Lo scenario degli studi professionali in Italia sta attraversando una profonda trasformazione. Le aggregazioni tra professionisti, una volta rare e limitate al contesto locale, si stanno moltiplicando, estendendosi su scala nazionale e coinvolgendo anche investitori industriali e finanziari, talvolta di provenienza estera. Tuttavia, a fronte di questa espansione strutturale ed economica, permane un elemento critico: la carenza di figure manageriali capaci di guidare e coordinare queste nuove realtà professionali maggiormente dimensionate e complesse.
La spinta verso l’aggregazione nasce da molteplici fattori: il passaggio generazionale dei baby boomers, l’aumento della complessità normativa, la digitalizzazione dei servizi, la richiesta di specializzazione e la pressione competitiva da parte di nuovi player, comprese le big firm e le startup legali e fiscali. Per reagire a questo contesto, molti professionisti scelgono di unirsi in forme associative più strutturate, dando vita a reti, società tra professionisti (STP), holding di partecipazione o veri e propri gruppi multi-sede.
In questo scenario, si osserva anche per la prima volta l’ingresso significativo di capitali esterni, italiani e stranieri. Sia attraverso investitori professionali interessati a integrare ulteriori sedi o servizi nei propri ecosistemi, sia tramite fondi di investimento attratti dalla redditività e dalla prevedibilità dei flussi degli studi ben gestiti.
Le nuove realtà aggregative continuano a essere governate prevalentemente da professionisti senior, spesso i fondatori, che mantengono un controllo diretto sull’organizzazione.
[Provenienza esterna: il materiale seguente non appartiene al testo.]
(* Let $(\mathfrak g,V,\Theta)$ be a Lie–Leibniz triple, with $\mathbb U$, $R_\Theta$, $\sigma$ and $K$ as in the context. Then $K=\{k\in\mathbb U_2:\ [\chi,k]=0\text{ for all }\chi\in R_\Theta\}$; in particular $[R_\Theta,K]=0$.
   Context: Ground field $\mathbb{K}=\mathbb{R}$ or $\mathbb{C}$; all spaces $\mathbb{Z}$-graded with parity equal to degree mod 2. A Lie–Leibniz triple $(\mathfrak g,V,\Theta)$ consists of a Lie algebra $\mathfrak g$, a $\mathfrak g$-module $V$ (action $x\cdot u$) and a linear map $\Theta:V\to\mathfrak g$ with $\Theta(\Theta(u)\cdot v)=[\Theta(u),\Theta(v)]$ for all $u,v\in V$. Construction of $\mathbb U$: $\mathbb U_0=\mathfrak g$, $\mathbb U_1=V[-1]$ ($V$ in degree 1, odd), $\mathbb U_{-p+1}=\mathrm{Hom}(\mathbb U_1,\mathbb U_{-p+2})$ for $p\ge2$; brackets on $\mathbb U_{1-}$: Lie bracket on $\mathfrak g$, and recursively $[x,u]=x(u)$, $[u,x]=-(-1)^{|x|}x(u)$, $[x,y](u)=[x,y(u)]+(-1)^{|y|}[x(u),y]$ for $x,y\in\mathbb U_{0-}$, $u\in\mathbb U_1$, where $x(u)=x\cdot u$ for $x\in\mathfrak g$. This is a semilocal Lie superalgebra and $\mathbb U$ is its unique extension to a Lie superalgebra with $\mathbb U_+$ the free Lie superalgebra on $\mathbb U_1$. $\Theta$ is regarded as an element of $\mathbb U_{-1}=\mathrm{Hom}(\mathbb U_1,\mathfrak g)$. $R_\Theta\subseteq\mathbb U_{-1}$ is the $\mathfrak g$-submodule generated by $\Theta$ under the action $x\cdot\phi=[x,\phi]$, i.e. $(x\cdot\phi)(u)=[x,\phi(u)]-\phi(x\cdot u)$; it is the span of $\Theta$ and all $x_1\cdot(x_2\cdot\cdots(x_n\cdot\Theta))$. $\mathbb U_2$ is spanned by the brackets $[u,v]$, $u,v\in\mathbb U_1$ (symmetric in $u,v$). Let $\sigma:\mathbb U_2\to\mathbb U_1$ be the linear map with $\sigma([u,v])=\tfrac12(\Theta(u)\cdot v+\Theta(v)\cdot u)$. $K$ is the sum of all $\mathfrak g$-submodules of $\mathbb U_2$ (for the adjoint action of $\mathfrak g\subseteq\mathbb U$) contained in $\ker\sigma$. *)

From HB Require Import structures.
From mathcomp Require Import all_boot all_order all_algebra.
From mathcomp Require Import Rstruct.
From mathcomp Require Import complex.
From Stdlib Require Reals.

Set Implicit Arguments.
Unset Strict Implicit.
Unset Printing Implicit Defensive.
Import Order.TTheory GRing.Theory Num.Theory.
Local Open Scope ring_scope.

Section LieLeibniz.
Variable F : fieldType.

Definition lie_bracket (g : lmodType F) (br : g -> g -> g) : Prop :=
  [/\ forall x, linear (br x),
      forall y, linear (fun x => br x y),
      forall x, br x x = 0
    & forall x y z, br x (br y z) + br y (br z x) + br z (br x y) = 0].

Definition lie_module (g V : lmodType F) (br : g -> g -> g)
    (act : g -> V -> V) : Prop :=
  [/\ forall x, linear (act x),
      forall v, linear (fun x => act x v)
    & forall x y v, act (br x y) v = act x (act y v) - act y (act x v)].

Definition lie_leibniz_triple (g V : lmodType F) (br : g -> g -> g)
    (act : g -> V -> V) (Theta : V -> g) : Prop :=
  [/\ lie_bracket br, lie_module br act, linear Theta
    & forall u v, Theta (act (Theta u) v) = br (Theta u) (Theta v)].

(* (W, b) is the degree-2 part U_2 of the free Lie superalgebra on the odd
   space U_1 = V[-1], with b u v = [u, v]: i.e. W is the symmetric square
   of V, b the universal symmetric bilinear map (whose values span W). *)
Definition sym_square (V W : lmodType F) (b : V -> V -> W) : Prop :=
  [/\ forall u, linear (b u),
      forall u v, b u v = b v u,
      forall w : W, exists s : seq (V * V), w = \sum_(p <- s) b p.1 p.2
    & forall (X : lmodType F) (f : V -> V -> X),
        (forall u, linear (f u)) -> (forall u v, f u v = f v u) ->
        exists h : W -> X, linear h /\ forall u v, h (b u v) = f u v].

(* g-action on Hom(U_1, g) = U_{-1}:  (x . phi)(u) = [x, phi u] - phi (x . u). *)
Definition hom_act (g V : lmodType F) (br : g -> g -> g) (act : g -> V -> V)
    (x : g) (phi : V -> g) : V -> g :=
  fun u => br x (phi u) - phi (act x u).

Inductive R_Theta (g V : lmodType F) (br : g -> g -> g) (act : g -> V -> V)
    (Theta : V -> g) : (V -> g) -> Prop :=
  | RT_base : R_Theta br act Theta Theta
  | RT_act x phi : R_Theta br act Theta phi ->
      R_Theta br act Theta (hom_act br act x phi)
  | RT_zero : R_Theta br act Theta (fun _ => 0)
  | RT_add phi psi : R_Theta br act Theta phi -> R_Theta br act Theta psi ->
      R_Theta br act Theta (fun u => phi u + psi u)
  | RT_scale (a : F) phi : R_Theta br act Theta phi ->
      R_Theta br act Theta (fun u => a *: phi u).

Definition g_submodule (g W : lmodType F) (ad2 : g -> W -> W)
    (S : W -> Prop) : Prop :=
  [/\ S 0, forall w1 w2, S w1 -> S w2 -> S (w1 + w2),
      forall (a : F) w, S w -> S (a *: w)
    & forall x w, S w -> S (ad2 x w)].

(* K = sum of all g-submodules of U_2 contained in ker sigma:
   finite sums of elements each lying in such a submodule. *)
Definition in_K (g V W : lmodType F) (ad2 : g -> W -> W) (sigma : W -> V)
    (k : W) : Prop :=
  exists s : seq W, k = \sum_(w <- s) w /\
    forall w, w \in s -> exists S : W -> Prop,
      [/\ g_submodule ad2 S, forall y, S y -> sigma y = 0 & S w].

Definition prop47_over : Prop :=
  forall (g V W : lmodType F) (br : g -> g -> g) (act : g -> V -> V)
    (Theta : V -> g) (b : V -> V -> W)
    (ad2 : g -> W -> W) (brk : (V -> g) -> W -> V) (sigma : W -> V),
  lie_leibniz_triple br act Theta ->
  sym_square b ->
  (* adjoint action of g on U_2: [x,[u,v]] = [x.u, v] + [u, x.v] *)
  (forall x, linear (ad2 x)) ->
  (forall x u v, ad2 x (b u v) = b (act x u) v + b u (act x v)) ->
  (* bracket U_{-1} x U_2 -> U_1: [chi,[u,v]] = chi(u).v + chi(v).u *)
  (forall chi : V -> g, linear chi ->
     linear (brk chi) /\
     forall u v, brk chi (b u v) = act (chi u) v + act (chi v) u) ->
  linear sigma ->
  (forall u v, sigma (b u v) = 2^-1 *: (act (Theta u) v + act (Theta v) u)) ->
  (forall k : W, in_K ad2 sigma k <->
     (forall chi, R_Theta br act Theta chi -> brk chi k = 0)) /\
  (forall chi k, R_Theta br act Theta chi -> in_K ad2 sigma k -> brk chi k = 0).

End LieLeibniz.

From HB Require Import structures.
From mathcomp Require Import all_boot all_order all_algebra.
From mathcomp Require Import Rstruct.
From mathcomp Require Import complex.
From Stdlib Require Reals.

(* For chi : V -> g write [chi, _] := brk chi : U_2 -> U_1.  Two identities
   drive the proof: [Theta, k] = 2 sigma(k), and the Jacobi identity
   [x.chi, k] = x.[chi, k] - [chi, [x, k]].  By the latter, for a fixed
   g-submodule S of U_2 the maps chi killing S form a g-submodule of U_{-1};
   if S lies in ker sigma it contains Theta, hence all of R_Theta, so K is
   annihilated by R_Theta.  Conversely the annihilator of R_Theta is a
   g-submodule of U_2 (Jacobi again, R_Theta being g-stable), and it lies in
   ker sigma because Theta is in R_Theta and 2 is invertible; so it is one
   of the summands of K. *)

Set Implicit Arguments.
Unset Strict Implicit.
Unset Printing Implicit Defensive.
Import GRing.Theory Num.Theory.
Local Open Scope ring_scope.

Section LinearPred.
Variables (R : pzRingType) (U X : lmodType R) (f : U -> X).
Hypothesis f_linear : linear f.

Lemma linear_forD u v : f (u + v) = f u + f v.
Proof. exact: (GRing.semilinear_linear f_linear).2. Qed.

Lemma linear_forZ a u : f (a *: u) = a *: f u.
Proof. exact: (GRing.semilinear_linear f_linear).1. Qed.

Lemma linear_forB u v : f (u - v) = f u - f v.
Proof. exact: GRing.zmod_morphism_linear. Qed.

Lemma linear_for0 : f 0 = 0.
Proof. by rewrite -(subrr 0) linear_forB subrr. Qed.

End LinearPred.

Lemma additive_eq_on_span (I : Type) (W X : zmodType) (gen : I -> W)
    (h1 h2 : W -> X) :
    (forall w, exists s : seq I, w = \sum_(i <- s) gen i) ->
    {morph h1 : w1 w2 / w1 + w2} -> h1 0 = 0 ->
    {morph h2 : w1 w2 / w1 + w2} -> h2 0 = 0 ->
    (forall i, h1 (gen i) = h2 (gen i)) -> h1 =1 h2.
Proof.
move=> span h1D h10 h2D h20 eq_gen w; have [s ->] := span w.
elim: s => [|i s IHs]; first by rewrite !big_nil h10 h20.
by rewrite !big_cons h1D h2D IHs eq_gen.
Qed.

Section Proposition47.
Variables (F : fieldType) (g V W : lmodType F).
Variables (br : g -> g -> g) (act : g -> V -> V) (Theta : V -> g).
Variables (b : V -> V -> W) (ad2 : g -> W -> W).
Variables (brk : (V -> g) -> W -> V) (sigma : W -> V).

Hypothesis br_linear : forall x, linear (br x).
Hypothesis act_linear : forall x, linear (act x).
Hypothesis act_linear_l : forall v, linear (act^~ v).
Hypothesis act_br :
  forall x y v, act (br x y) v = act x (act y v) - act y (act x v).
Hypothesis Theta_linear : linear Theta.
Hypothesis b_span : forall w, exists s : seq (V * V), w = \sum_(p <- s) b p.1 p.2.
Hypothesis ad2_linear : forall x, linear (ad2 x).
Hypothesis ad2_b : forall x u v, ad2 x (b u v) = b (act x u) v + b u (act x v).
Hypothesis brk_spec : forall chi : V -> g, linear chi ->
  linear (brk chi) /\ forall u v, brk chi (b u v) = act (chi u) v + act (chi v) u.
Hypothesis sigma_linear : linear sigma.
Hypothesis sigma_b :
  forall u v, sigma (b u v) = 2^-1 *: (act (Theta u) v + act (Theta v) u).
Hypothesis two_neq0 : (2 : F) != 0.

Local Notation R_Theta := (R_Theta br act Theta).
Local Notation hom_act := (hom_act br act).

Lemma hom_act_linear x phi : linear phi -> linear (hom_act x phi).
Proof.
move=> phi_linear a u v; rewrite /hom_act (act_linear x) phi_linear.
by rewrite (br_linear x) phi_linear scalerBr opprD addrACA.
Qed.

Lemma R_Theta_linear chi : R_Theta chi -> linear chi.
Proof.
elim=> // [x phi _ /hom_act_linear // | a u v | phi psi _ phiL _ psiL a u v
          | c phi _ phiL a u v].
- by rewrite scaler0 addr0.
- by rewrite phiL psiL scalerDr addrACA.
- by rewrite phiL scalerDr !scalerA mulrC.
Qed.

Section BracketLinear.
Variable chi : V -> g.
Hypothesis chi_linear : linear chi.

Lemma brkD : {morph brk chi : w1 w2 / w1 + w2}.
Proof. exact/linear_forD/(brk_spec chi_linear).1. Qed.

Lemma brk0 : brk chi 0 = 0.
Proof. exact/linear_for0/(brk_spec chi_linear).1. Qed.

Lemma brkZ a w : brk chi (a *: w) = a *: brk chi w.
Proof. exact/linear_forZ/(brk_spec chi_linear).1. Qed.

Lemma brk_b u v : brk chi (b u v) = act (chi u) v + act (chi v) u.
Proof. exact: (brk_spec chi_linear).2. Qed.

Lemma brk_eq (h : W -> V) :
    {morph h : w1 w2 / w1 + w2} -> h 0 = 0 ->
    (forall u v, h (b u v) = act (chi u) v + act (chi v) u) ->
  brk chi =1 h.
Proof.
move=> hD h0 h_b; apply: (additive_eq_on_span b_span) => //.
- exact: brkD.
- exact: brk0.
- by case=> u v; rewrite brk_b h_b.
Qed.

End BracketLinear.

Lemma brk_Jacobi x phi : linear phi -> forall w,
  brk (hom_act x phi) w = act x (brk phi w) - brk phi (ad2 x w).
Proof.
move=> phiL; apply: brk_eq (hom_act_linear x phiL) _ _ _ _.
- move=> w1 w2; rewrite brkD // linear_forD // (linear_forD (ad2_linear x)).
  by rewrite brkD // opprD addrACA.
- by rewrite brk0 // linear_for0 // (linear_for0 (ad2_linear x)) brk0 // subr0.
move=> u v; rewrite /hom_act ad2_b brkD // !brk_b // linear_forD //.
rewrite !(linear_forB (act_linear_l _)) !act_br.
by rewrite !opprD !addrA [LHS](ACl (1*5*3*2*4*6)).
Qed.

Lemma brk_Theta : forall w, brk Theta w = 2 *: sigma w.
Proof.
apply: brk_eq Theta_linear _ _ _ _.
- by move=> w1 w2; rewrite linear_forD // scalerDr.
- by rewrite linear_for0 // scaler0.
- by move=> u v; rewrite sigma_b scalerA mulfV // scale1r.
Qed.

Lemma brk0l : forall w, brk (fun _ => 0) w = 0.
Proof.
have zero_linear : linear (fun _ : V => 0 : g) by move=> a u v; rewrite scaler0 addr0.
apply: brk_eq zero_linear _ _ _ _ => // [w1 w2|u v]; first by rewrite addr0.
by rewrite !(linear_for0 (act_linear_l _)) addr0.
Qed.

Lemma brkDl phi psi : linear phi -> linear psi -> forall w,
  brk (fun u => phi u + psi u) w = brk phi w + brk psi w.
Proof.
move=> phiL psiL.
have sum_linear : linear (fun u => phi u + psi u).
  by move=> a u v; rewrite phiL psiL scalerDr addrACA.
apply: brk_eq sum_linear _ _ _ _ => [w1 w2||u v].
- by rewrite !brkD // addrACA.
- by rewrite !brk0 // addr0.
- by rewrite !brk_b // !(linear_forD (act_linear_l _)) addrACA.
Qed.

Lemma brkZl c phi : linear phi -> forall w,
  brk (fun u => c *: phi u) w = c *: brk phi w.
Proof.
move=> phiL.
have scale_linear : linear (fun u => c *: phi u).
  by move=> a u v; rewrite phiL scalerDr !scalerA mulrC.
apply: brk_eq scale_linear _ _ _ _ => [w1 w2||u v].
- by rewrite brkD // scalerDr.
- by rewrite brk0 // scaler0.
- by rewrite !brk_b // !(linear_forZ (act_linear_l _)) scalerDr.
Qed.

Definition annihilated_by_R_Theta (k : W) : Prop :=
  forall chi, R_Theta chi -> brk chi k = 0.

Lemma submodule_ker_sigma_annihilated (S : W -> Prop) :
    g_submodule ad2 S -> (forall y, S y -> sigma y = 0) ->
  forall w, S w -> annihilated_by_R_Theta w.
Proof.
move=> [_ _ _ S_ad2] S_sigma w Sw chi R_chi; elim: R_chi w Sw.
- by move=> w Sw; rewrite brk_Theta S_sigma // scaler0.
- move=> x phi /R_Theta_linear phiL IHphi w Sw.
  by rewrite brk_Jacobi // (IHphi _ Sw) (IHphi _ (S_ad2 x w Sw)) subr0 linear_for0.
- by move=> w _; rewrite brk0l.
- move=> phi psi /R_Theta_linear phiL IHphi /R_Theta_linear psiL IHpsi w Sw.
  by rewrite brkDl // IHphi // IHpsi // addr0.
- by move=> c phi /R_Theta_linear phiL IHphi w Sw; rewrite brkZl // IHphi // scaler0.
Qed.

Lemma in_K_annihilated k : in_K ad2 sigma k -> annihilated_by_R_Theta k.
Proof.
move=> [s [-> s_in_K]] chi R_chi; have chiL := R_Theta_linear R_chi.
rewrite (big_morph (brk chi) (brkD chiL) (brk0 chiL)) big_seq big1 // => w.
move=> /s_in_K [S [S_sub S_sigma Sw]].
exact: submodule_ker_sigma_annihilated S_sub S_sigma w Sw chi R_chi.
Qed.

Lemma annihilated_g_submodule : g_submodule ad2 annihilated_by_R_Theta.
Proof.
split=> [chi /R_Theta_linear chiL | w1 w2 ann1 ann2 chi R_chi
        | a w ann chi R_chi | x w ann chi R_chi].
- exact: brk0.
- by rewrite brkD ?ann1 ?ann2 ?addr0 //; exact: R_Theta_linear.
- by rewrite brkZ ?ann ?scaler0 //; exact: R_Theta_linear.
- have := brk_Jacobi x (R_Theta_linear R_chi) w.
  rewrite (ann _ (RT_act x R_chi)) (ann _ R_chi) linear_for0 // sub0r.
  by move/eqP; rewrite eq_sym oppr_eq0 => /eqP.
Qed.

Lemma annihilated_ker_sigma y : annihilated_by_R_Theta y -> sigma y = 0.
Proof.
move=> /(_ _ (RT_base br act Theta)); rewrite brk_Theta => /eqP.
by rewrite scaler_eq0 (negbTE two_neq0) => /eqP.
Qed.

Lemma annihilated_in_K k : annihilated_by_R_Theta k -> in_K ad2 sigma k.
Proof.
move=> ann_k; exists [:: k]; split=> [|w]; first by rewrite big_seq1.
rewrite mem_seq1 => /eqP ->; exists annihilated_by_R_Theta.
by split=> //; [exact: annihilated_g_submodule | exact: annihilated_ker_sigma].
Qed.

Lemma in_K_annihilatedE k : in_K ad2 sigma k <-> annihilated_by_R_Theta k.
Proof. by split; [exact: in_K_annihilated | exact: annihilated_in_K]. Qed.

End Proposition47.

Lemma prop47_over_two_neq0 (F : fieldType) : (2 : F) != 0 -> prop47_over F.
Proof.
move=> two_neq0 g V W br act Theta b ad2 brk sigma
  [[br_linear _ _ _] [act_linear act_linear_l act_br] Theta_linear _]
  [_ _ b_span _] ad2_linear ad2_b brk_spec sigma_linear sigma_b.
split=> [k | chi k R_chi K_k]; first exact: in_K_annihilatedE.
exact: in_K_annihilated K_k chi R_chi.
Qed.

Theorem proposition4p7 :
  prop47_over Reals.Rdefinitions.R /\ prop47_over (complex Reals.Rdefinitions.R).
Proof. by split; apply: prop47_over_two_neq0; rewrite pnatr_eq0. Qed.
Questo approccio, comprensibile sotto il profilo storico e culturale (le persone si fanno gestire solo da soggetti che ritengono più competenti), si rivela spesso inadeguato per strutture che richiedono logiche di management più spinte: pianificazione strategica, controllo di gestione, sviluppo organizzativo, gestione HR, marketing e innovazione dei processi.